Hace dos años me iba a morir. Y no. Hace seis meses me quise morir. Y tampoco. Y hoy estoy aquí sentado tomándome un café con mi conmigo.
La semana pasada descubrieron una fuga de agua en un tubo interno de mi apartamento y para arreglarlo han tenido que tumbar muros y paredes. Y yo, que soy un piscis, que primero nado y después pienso, no tuve más remedio que entender que se parece a lo que pasa con mi vida. Tuve que prácticamente destruirme para ver que había una fuga, que aún estoy intentando reparar.

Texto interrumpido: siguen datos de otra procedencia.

Definition hybrid_model (n m : nat) (U : set 'rV[R]_m)
    (f : 'rV[R]_n -> 'rV[R]_m -> 'rV[R]_n) (Q : Type) (D : Q -> set 'rV[R]_n)
    : Prop :=
  (exists S : seq 'rV[R]_m, U = conv_hull S) /\ compact U /\
  {within [set z : 'rV[R]_(n + m) | U (rsubmx z)],
     continuous (fun z : 'rV[R]_(n + m) => f (lsubmx z) (rsubmx z))} /\
  simplicial_mesh D setT /\
  (exists (J : Type) (P : J -> set 'rV[R]_(n + m)),
     simplicial_mesh P [set z | U (rsubmx z)] /\
     (forall j, exists q, (fun z : 'rV[R]_(n + m) => lsubmx z) @` P j = D q) /\
     (forall j, exists (A : 'M[R]_(n + m, n)) (b : 'rV[R]_n),
        forall z, P j z -> f (lsubmx z) (rsubmx z) = z *m A + b)).

(* Caratheodory solution on [0,T] of dX/dt = f(X,u), X(0) = X0. *)
Definition is_solution (n m : nat) (f : 'rV[R]_n -> 'rV[R]_m -> 'rV[R]_n)
    (u : R -> 'rV[R]_m) (X0 : 'rV[R]_n) (T : R) (X : R -> 'rV[R]_n) : Prop :=
  forall i : 'I_n,
    (lebesgue_measure).-integrable [set` `[0, T]]
       (fun s => (f (X s) (u s) 0 i)%:E) /\
    forall t, [set` `[0, T]] t ->
      (X t 0 i)%:E = adde (X0 0 i)%:E
        (\int[lebesgue_measure]_(s in [set` `[0, t]]) (f (X s) (u s) 0 i)%:E).

Definition ctrl_set (n m : nat) (U : set 'rV[R]_m)
    (f : 'rV[R]_n -> 'rV[R]_m -> 'rV[R]_n) (Tg Dom : set 'rV[R]_n)
    : set 'rV[R]_n :=
  [set X0 | Dom X0 /\ exists T : R, 0 < T /\
     exists u : R -> 'rV[R]_m,
       (forall j : 'I_m, measurable_fun [set` `[0, T]] (fun t => u t 0 j)) /\
       (forall t, [set` `[0, T]] t -> U (u t)) /\
       exists X : R -> 'rV[R]_n,
         is_solution f u X0 T X /\ Tg (X T) /\
         (forall t, [set` `[0, T]] t -> Dom (X t))].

Nadar sin pensar no es un acto de imprudencia. Es, más bien, una forma antigua —ancestral, incluso— de confiar en el instinto, en el oleaje interno que me guía sin necesidad de mapas. Los Piscis no calculamos la corriente: nos dejamos llevar. Nos lanzamos al agua con el corazón antes que con la cabeza. Solo después, cuando ya estamos en el fondo o flotando entre medusas de recuerdos, pensamos. No para arrepentirnos, sino para entender qué demonios buscábamos allí. Primero nadamos. Porque hay urgencia en mover el alma. Porque no hay orilla que nos retenga. Porque el agua es nuestro idioma, y cuando callamos, lo hacemos con burbujas que suben lentas y sinceras. Luego pensamos. Con la sal en los labios y el cansancio de haber sentido demasiado. Pensamos con el cuerpo mojado por lo vivido, con la mirada empañada por imágenes que no estaban en el guion, porque nunca tuvimos uno. Pensamos y nos damos cuenta de que lo que parecía deriva era el simple acto de buscar.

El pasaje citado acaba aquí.